Console.WriteLine("Hi");
Console.WriteLine("Hi");
Ok, now let’s test if you got it right. Please evaluate the following piece of code:
for(int i = 0; i < 100;i++){
Console.WriteLine("Hi");}
I hope you gave it a try and the answer of course is 100 units.
Now, you see that two lines of code can have a different execution time. That means we cannot just count the lines. The truth is that some lines of code are “heavier” than others in the sense of performance.
But what if I will tell you that not all expressions can be measured in this way? How is that possible? Check the example below and try to evaluate it:
foreach(string Name in ListOfNames){
Console.WriteLine("Hi");}
Quite challenging, isn’t it?
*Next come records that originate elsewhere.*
Definition witness (N : nat) : seq (seq bool) :=
  match N with
  | 1 => [:: [:: P]; [:: P]; [:: P]; [:: P]; [:: P]; [:: P]]
  | 2 => [::
    [:: P; M];
    [:: P; P];
    [:: P; P];
    [:: P; M];
    [:: P; M];
    [:: M; M]]
  | 4 => [::
    [:: P; M; P; P];
    [:: P; P; M; P];
    [:: P; M; M; M];
    [:: P; P; P; M];
    [:: M; P; M; M];
    [:: M; M; M; P]]
  | 6 => [::
    [:: P; M; P; P; P; P];
    [:: M; P; M; M; M; P];
    [:: P; M; P; M; M; P];
    [:: M; M; M; M; M; P];
    [:: M; M; P; M; P; P];
    [:: M; M; P; P; P; M]]
  | 8 => [::
    [:: P; M; P; M; P; P; M; P];
    [:: P; M; M; M; P; M; P; M];
    [:: M; M; M; M; M; M; M; P];
    [:: M; M; P; P; P; P; M; M];
    [:: M; P; P; M; M; M; P; P];
    [:: P; P; M; M; P; P; M; P]]
  | 10 => [::
    [:: P; P; P; M; P; M; M; M; M; M];
    [:: P; P; P; M; P; M; M; P; M; M];
    [:: M; M; M; P; M; M; M; M; P; M];
    [:: M; M; M; P; P; M; M; M; M; P];
    [:: P; P; M; P; P; P; M; M; P; M];
    [:: M; M; M; P; M; P; P; P; M; P]]
  | 12 => [::
    [:: P; P; M; P; P; M; M; M; P; P; M; M];
    [:: P; M; P; M; M; M; P; M; M; M; M; P];
    [:: M; M; P; M; P; M; M; M; M; P; M; M];
    [:: M; P; P; P; P; P; P; M; M; P; M; P];
    [:: P; P; M; M; M; M; M; P; P; P; P; M];
    [:: M; M; P; M; P; M; M; M; P; M; P; P]]
  | 14 => [::
    [:: P; M; P; M; P; P; P; P; P; P; P; P; P; M];
    [:: M; M; M; P; P; P; M; P; P; P; P; M; M; M];
    [:: P; P; M; M; P; P; P; M; M; M; P; P; P; P];
    [:: P; M; P; P; M; P; M; M; P; P; M; P; M; M];
    [:: P; M; M; P; M; P; M; P; M; P; P; M; M; P];
    [:: M; M; M; P; M; M; P; P; M; M; P; M; P; P]]
  | 16 => [::
    [:: M; M; P; P; P; P; P; P; P; M; M; M; M; P; P; P];
    [:: M; M; P; M; M; M; P; P; P; M; P; M; P; M; M; P];
    [:: P; P; M; M; M; M; P; P; P; M; P; P; M; P; P; M];
    [:: P; M; P; M; M; P; M; M; M; M; P; M; P; M; P; P];
    [:: P; M; M; M; M; M; M; P; M; P; M; P; M; M; M; M];
    [:: M; M; P; P; P; M; M; P; P; P; M; P; P; M; M; P]]
  | 18 => [::
    [:: M; P; P; P; P; P; P; P; M; P; M; P; P; P; P; P; M; P];
    [:: P; P; M; P; M; P; P; M; P; M; M; M; P; M; P; M; P; P];
    [:: M; M; P; P; M; M; M; P; M; M; M; P; P; P; P; M; P; P];
    [:: M; P; P; M; P; P; P; P; P; M; M; M; M; M; M; P; P; M];
    [:: M; M; P; P; M; M; M; P; P; M; P; M; M; P; P; P; M; P];
    [:: M; P; P; P; M; P; M; M; P; P; M; P; M; M; P; M; M; M]]
  | 20 => [::
    [:: P; P; M; P; M; P; P; M; P; M; P; M; M; P; P; M; P; P; M; M];
    [:: M; P; M; M; P; M; M; M; P; M; P; M; P; P; P; M; M; M; M; M];
    [:: M; M; P; P; M; M; P; M; P; P; M; M; M; P; P; M; M; M; M; M];
    [:: M; M; M; M; P; P; P; P; M; M; P; P; P; P; P; P; P; P; M; P];
    [:: P; P; P; M; P; M; M; M; P; M; P; M; M; M; M; M; P; P; M; P];
    [:: P; M; M; P; M; M; P; P; P; M; M; M; P; P; M; M; P; M; P; M]]
  | 22 => [::
    [:: P; M; P; P; P; M; M; P; M; M; P; P; P; M; P; P; P; P; M; M; M; P];
    [:: M; P; P; P; P; M; P; M; M; M; M; P; M; P; M; M; M; M; M; P; P; P];
    [:: M; P; M; P; P; M; P; M; M; P; P; P; P; P; M; M; M; M; M; P; M; M];
    [:: M; P; M; M; M; M; M; P; P; M; M; M; P; P; M; M; M; P; M; M; M; M];
    [:: M; P; M; P; M; P; P; P; M; P; M; M; P; M; P; P; M; M; P; M; M; M];
    [:: P; M; P; M; P; P; P; M; P; M; M; M; P; P; M; M; P; M; M; P; M; M]]
  | 24 => [::
    [:: M; P; M; P; P; M; M; M; P; M; P; P; P; M; P; P; P; M; M; P; M; P; M; M];
    [:: P; M; P; M; P; P; M; P; P; M; M; P; P; M; P; M; M; M; M; M; P; P; M; M];
    [:: P; M; P; M; M; P; P; P; M; M; P; P; M; M; M; M; M; M; M; P; M; P; M; M];
    [:: P; P; P; M; M; M; M; P; P; M; P; M; M; M; P; P; P; M; P; M; P; P; M; M];
    [:: P; P; P; P; P; M; P; M; M; P; M; P; P; P; M; M; M; M; P; M; M; P; P; M];
    [:: P; P; P; P; M; P; M; M; M; M; M; M; M; P; M; M; M; P; M; M; M; M; M; M]]
  | 26 => [::
    [:: P; P; P; M; P; M; P; M; M; M; M; M; P; M; P; P; M; M; M; P; M; P; P; P; P; M];
    [:: P; P; M; M; M; M; P; P; M; M; P; P; M; M; P; M; M; M; P; M; M; P; M; M; P; M];
    [:: P; M; M; P; M; P; P; P; P; M; P; M; P; M; M; P; M; P; M; M; P; P; P; M; M; P];
    [:: M; P; M; P; P; P; M; M; P; M; M; M; M; M; P; M; P; M; P; M; M; M; M; M; P; M];
    [:: M; P; P; P; M; M; P; P; P; P; M; M; P; M; M; M; M; M; M; P; P; P; M; M; M; M];
    [:: P; M; M; M; M; M; M; M; M; P; P; M; P; M; M; P; P; M; P; P; P; M; M; M; P; M]]
  | 28 => [::
    [:: M; M; M; P; P; M; M; M; P; P; P; M; P; P; P; M; P; P; M; P; M; M; M; P; M; M; P; P];
    [:: P; M; P; P; M; P; M; P; P; M; P; M; M; P; P; P; P; P; P; M; M; M; P; M; P; P; P; M];
    [:: P; P; P; M; P; P; P; M; P; P; P; M; P; M; M; M; P; M; M; M; M; P; P; P; P; P; P; P];
    [:: M; M; P; P; P; P; M; P; P; M; P; M; P; M; M; P; P; P; P; P; M; M; M; P; P; M; M; P];
    [:: M; M; M; P; P; P; M; M; M; M; M; M; M; P; P; P; M; P; M; P; P; M; M; P; M; P; P; M];
    [:: M; P; P; M; M; P; M; M; M; M; M; P; P; M; P; M; P; M; P; M; M; P; M; P; M; M; P; M]]
  | 30 => [::
    [:: M; M; P; M; P; M; P; P; P; M; P; P; M; M; M; M; P; P; P; P; M; P; P; P; M; M; P; M; M; M];
    [:: M; P; P; M; M; P; P; P; M; P; P; P; M; M; M; P; M; P; M; M; M; M; M; M; P; P; M; P; P; P];
    [:: P; M; P; P; M; M; P; P; P; P; M; M; P; P; P; P; P; M; P; P; M; P; P; P; P; M; P; P; M; P];
    [:: M; P; M; M; M; M; P; M; P; P; P; M; P; M; M; M; P; M; P; P; M; M; P; M; P; M; M; P; M; P];
    [:: M; P; M; P; P; P; P; P; P; P; M; P; P; M; M; M; M; M; P; M; P; P; M; M; M; P; P; M; P; P];
    [:: M; P; P; M; M; M; P; P; P; M; M; M; M; P; M; P; P; M; M; M; P; M; M; M; P; P; P; P; M; P]]
  | 32 => [::
    [:: M; M; M; M; P; P; P; M; P; M; P; M; P; P; P; P; P; P; M; M; M; P; M; M; M; P; P; M; P; M; P; P];
    [:: M; P; M; P; P; M; P; P; P; P; P; P; P; M; P; M; P; M; M; P; M; M; M; P; M; M; P; P; P; P; P; M];
    [:: P; P; P; M; M; P; M; M; M; M; M; P; P; M; P; M; P; M; M; M; P; P; P; M; M; P; P; M; P; P; M; P];
    [:: P; M; P; P; M; M; M; P; M; P; M; M; P; P; P; P; P; P; M; P; P; M; P; P; M; M; P; P; P; M; M; M];
    [:: P; M; M; M; M; P; M; P; M; P; M; M; M; M; P; P; M; P; P; P; M; M; P; P; M; P; M; M; M; M; M; P];
    [:: P; P; M; P; M; M; M; M; M; M; M; P; M; P; P; M; M; M; P; M; M; P; P; M; M; M; M; P; M; P; M; M]]
  | 34 => [::
    [:: M; M; P; M; M; M; P; M; P; P; M; P; M; M; P; P; P; M; P; M; P; M; P; P; P; P; P; M; M; P; P; P; M; M];
    [:: M; P; P; P; M; P; P; M; P; P; P; M; P; P; P; P; P; P; P; M; M; M; P; M; M; P; P; P; M; M; M; P; M; P];
    [:: P; P; M; P; P; M; P; P; M; P; M; P; M; M; P; P; M; P; P; P; P; M; P; P; P; P; M; M; M; M; M; M; M; P];
    [:: M; P; M; P; M; P; P; P; M; P; P; P; M; P; P; M; P; M; M; P; M; M; P; P; M; M; M; M; P; P; P; M; P; P];
    [:: M; P; P; P; P; P; M; P; M; M; M; P; M; M; M; P; M; M; P; M; M; P; M; P; P; M; P; P; M; M; P; P; M; M];
    [:: P; P; P; P; M; M; P; M; P; P; P; P; M; P; P; P; P; M; M; M; P; P; M; P; M; P; P; P; P; M; M; M; P; P]]
  | 36 => [::
    [:: M; P; P; P; P; M; P; P; P; M; P; P; P; P; P; M; M; P; P; M; M; M; P; M; P; P; P; M; P; P; P; M; M; P; P; P];
    [:: M; M; P; M; P; P; P; M; P; P; P; M; P; M; P; P; M; M; P; P; M; P; P; P; P; M; P; P; P; M; P; P; M; M; P; M];
    [:: M; M; M; P; P; P; P; M; M; P; M; P; M; P; P; P; M; P; M; M; M; M; P; M; P; M; P; M; P; M; M; P; P; P; P; M];
    [:: M; P; M; M; P; M; P; P; M; M; M; M; M; M; P; M; M; M; M; P; M; P; P; P; P; P; P; P; P; P; M; M; P; M; P; P];
    [:: M; M; M; P; P; P; P; P; M; M; M; P; M; M; P; M; P; P; M; P; P; M; M; P; M; M; P; M; P; P; P; M; M; M; P; M];
    [:: M; P; M; M; P; M; P; M; M; P; M; M; M; P; P; P; P; M; M; M; P; P; M; M; M; P; P; P; P; M; P; P; M; P; P; P]]
  | 38 => [::
    [:: M; M; M; P; M; P; M; M; M; P; P; M; P; M; P; M; P; P; M; M; M; P; P; P; M; M; M; M; M; M; P; P; P; P; M; M; P; P];
    [:: M; M; M; P; P; M; P; M; M; P; M; M; M; M; M; M; M; M; M; M; P; M; P; P; M; M; P; P; M; M; P; M; P; M; P; M; M; M];
    [:: P; P; M; M; P; M; P; P; M; P; M; M; M; M; M; M; P; P; M; P; P; M; P; M; M; P; M; P; M; P; P; P; P; P; M; M; P; P];
    [:: M; M; M; P; M; M; M; P; M; P; M; P; P; P; P; M; M; M; M; M; M; P; M; M; P; P; P; M; P; M; P; P; M; P; P; M; P; P];
    [:: M; M; M; M; P; P; M; M; M; P; P; M; P; P; P; P; M; P; P; M; P; P; M; P; P; M; M; P; M; M; M; P; M; P; M; P; M; M];
    [:: P; M; P; P; P; M; M; M; P; M; M; M; P; M; M; M; P; P; P; M; M; M; P; P; M; P; M; M; M; P; P; P; P; M; P; M; M; P]]
  | 40 => [::
    [:: P; M; P; P; M; M; P; M; M; P; P; M; P; M; M; M; P; P; M; M; P; P; M; M; M; P; P; P; P; P; M; M; P; M; P; M; M; M; M; M];
    [:: P; P; P; M; M; P; P; P; M; M; P; P; P; P; M; P; P; M; M; P; P; M; M; P; M; M; P; M; P; M; M; P; P; P; P; P; M; P; M; P];
    [:: M; M; M; M; P; M; P; M; M; P; M; P; P; P; M; P; P; M; P; M; M; P; M; P; M; P; P; P; P; P; M; P; M; P; M; P; M; M; M; P];
    [:: M; P; M; P; P; P; P; P; M; M; M; M; P; M; M; M; P; P; P; P; M; M; M; M; M; M; P; M; P; M; M; M; M; M; M; M; M; P; M; M];
    [:: P; P; P; M; P; M; M; P; P; M; M; M; M; P; M; P; P; P; M; M; P; M; M; M; M; P; M; P; M; M; M; M; P; P; P; M; M; P; P; M];
    [:: P; M; P; P; P; P; M; M; P; P; M; P; M; M; M; M; P; M; M; P; P; P; M; P; M; M; M; M; M; P; M; P; P; M; P; P; M; M; P; P]]
  | 42 => [::
    [:: P; P; M; P; M; P; M; P; M; M; P; M; M; M; M; M; M; P; P; M; M; P; M; M; M; P; M; P; M; M; P; M; M; P; P; P; P; P; M; M; P; P];
    [:: P; P; P; M; M; M; M; P; P; P; M; P; M; M; M; P; M; M; P; M; M; P; M; P; M; P; M; M; P; P; P; M; P; M; M; M; P; P; M; P; M; M];
    [:: P; M; P; P; P; M; M; M; P; M; M; P; M; P; P; M; P; M; M; P; M; M; P; P; M; M; M; P; M; P; M; P; P; P; M; P; M; M; M; M; M; M];
    [:: M; P; M; M; P; P; P; M; M; P; M; M; P; M; P; P; P; P; M; M; P; P; P; M; P; P; P; M; M; M; M; M; M; M; M; M; M; P; P; P; M; P];
    [:: M; P; P; M; M; M; M; P; P; P; P; M; M; M; M; P; M; M; M; M; M; P; M; M; M; P; M; M; M; M; M; M; P; M; P; P; M; P; M; P; P; M];
    [:: P; P; P; P; P; P; P; M; P; M; M; M; P; M; M; M; P; P; P; M; M; P; P; M; P; P; M; P; P; M; P; M; P; P; M; M; P; P; M; M; M; P]]
  | 44 => [::
    [:: P; M; M; P; P; P; P; P; P; P; M; M; M; P; P; M; M; M; M; M; P; M; P; P; P; M; M; P; P; M; P; M; P; M; P; M; M; M; M; P; M; P; P; P];
    [:: P; P; M; M; P; M; P; M; P; M; M; P; M; M; P; P; M; P; M; P; P; P; P; M; P; P; M; M; P; P; P; P; P; P; P; P; M; P; M; M; M; M; P; M];
    [:: M; M; P; P; M; M; P; M; P; M; M; M; P; M; M; P; M; P; P; M; P; M; P; M; P; P; P; P; M; M; M; M; M; M; M; P; M; M; P; M; M; M; M; M];
    [:: M; P; P; M; M; P; P; P; P; P; M; P; P; P; M; M; M; M; P; P; P; P; P; P; P; M; P; M; M; P; M; P; M; P; M; M; M; P; P; P; M; P; M; P];
    [:: M; P; P; M; M; P; P; M; M; P; P; P; P; P; P; M; M; P; P; M; M; M; M; M; P; P; M; P; P; M; P; M; M; P; M; M; P; M; M; P; M; M; M; M];
    [:: M; M; P; P; M; M; P; P; M; M; P; M; P; M; P; P; M; M; P; P; M; P; M; P; P; M; M; M; P; P; P; P; M; M; M; P; P; P; M; M; M; P; M; P]]
  | 46 => [::
    [:: M; M; M; M; P; M; P; M; P; P; M; P; P; M; M; P; P; M; P; M; P; P; M; P; M; P; M; P; M; M; M; M; M; P; M; P; P; P; P; P; M; M; M; M; M; P];
    [:: M; M; P; P; M; P; P; M; M; P; M; P; P; M; P; M; P; P; M; M; M; P; M; P; P; P; P; P; P; M; P; P; P; M; M; M; M; M; M; M; P; P; M; P; P; M];
    [:: M; P; M; M; P; M; M; P; M; M; M; P; P; M; P; M; M; P; M; P; P; P; M; M; P; P; M; P; P; P; M; M; P; M; M; P; P; M; P; P; P; M; M; M; P; P];
    [:: M; P; M; P; P; P; P; P; P; M; P; P; P; M; P; P; P; P; M; P; P; P; M; M; M; P; P; P; P; M; P; P; M; M; P; P; P; M; P; P; P; P; M; M; M; P];
    [:: P; M; M; P; P; P; P; M; P; P; P; P; M; P; M; M; P; P; M; P; M; P; M; P; M; M; M; P; M; M; M; M; P; P; P; M; M; P; M; M; M; M; P; P; P; M];
    [:: P; P; M; M; P; P; P; P; P; M; P; M; P; P; P; M; M; M; M; M; M; M; M; M; P; P; M; M; P; M; P; P; M; M; P; M; P; P; P; M; M; M; P; M; P; P]]
  | 48 => [::
    [:: M; P; P; M; M; P; P; M; P; P; M; P; M; M; M; P; P; P; M; M; P; M; P; P; P; P; M; M; P; P; P; M; P; M; M; M; M; M; P; M; M; P; P; P; M; M; M; M];
    [:: M; M; P; P; M; M; P; P; P; M; M; M; M; P; M; M; P; M; M; P; P; P; P; M; P; M; M; P; P; M; P; P; P; P; M; P; M; P; P; P; M; M; P; M; M; P; M; P];
    [:: P; P; M; P; P; P; M; M; M; M; P; M; P; M; P; P; M; P; M; M; P; P; P; M; M; M; M; M; M; P; M; P; M; P; M; M; M; P; P; M; M; P; P; P; M; M; M; M];
    [:: P; M; M; M; P; M; M; P; M; P; P; P; P; P; P; M; M; M; M; P; P; M; P; P; M; P; M; P; M; M; M; M; M; M; M; P; M; M; P; P; M; M; P; M; M; P; M; P];
    [:: P; P; P; P; P; P; P; P; P; M; M; P; P; M; M; M; M; M; P; M; M; M; P; M; P; M; P; P; M; M; M; M; M; M; M; P; P; M; M; M; M; M; P; M; P; M; M; M];
    [:: P; M; P; M; P; M; P; M; P; P; M; M; P; P; M; P; M; P; P; P; M; P; P; P; P; P; P; M; M; P; M; P; M; P; M; M; P; P; M; P; M; P; P; P; P; P; M; P]]
  | 50 => [::
    [:: P; M; M; P; M; M; P; P; P; P; M; M; M; M; P; M; P; M; M; P; P; P; M; P; P; M; M; P; M; P; M; M; M; P; M; P; P; P; P; P; M; P; M; P; P; M; P; M; M; M];
    [:: M; M; M; P; M; P; P; P; M; M; M; M; M; M; P; M; M; M; M; P; M; M; P; M; M; M; M; P; P; P; M; P; P; M; M; M; M; P; P; M; M; P; M; P; M; P; P; P; M; M];
    [:: P; P; M; P; P; M; M; M; M; P; P; M; P; M; M; P; M; P; M; P; M; P; M; P; M; M; M; P; P; P; P; P; P; M; P; P; P; P; M; P; P; P; M; P; P; M; P; P; M; P];
    [:: P; P; P; P; M; P; M; P; M; P; M; P; P; P; P; M; P; P; M; P; M; M; M; P; M; M; P; M; M; P; P; P; M; M; M; M; M; M; M; M; P; P; P; P; P; M; P; M; P; M];
    [:: M; P; P; M; M; M; P; P; M; M; M; P; P; M; P; P; M; M; P; P; P; P; M; M; P; M; M; M; M; P; P; M; M; M; M; M; P; P; M; M; P; P; M; M; P; P; M; M; M; P];
    [:: P; P; P; M; P; P; M; P; M; M; P; M; P; M; M; M; M; M; P; P; M; P; P; P; M; P; P; P; P; P; P; M; M; P; M; P; P; M; M; M; P; P; M; M; M; M; P; P; M; P]]
  | _ => [::]
  end.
Here the number of units will depend on the amount of Names in the list That is why we cannot rely on the method I showed to you before. To avoid this kind of problem we use O() (big O notation) that represents only how expandable our algo is in the worst-case scenario. What is the worst-case scenario?
Let’s start with the best scenario, first. Imagine that the list from our last example is empty. And it will never be executed. And we will spend 0 units on it. So the complexity of such a case will be O(0) (big O of zero).
Now we should try to evaluate the worst case. In the end, it might be any number depending on the length of the list. So let’s represent it as a variable n. So the complexity of the last code example will be O(n) (read as “big o of n”).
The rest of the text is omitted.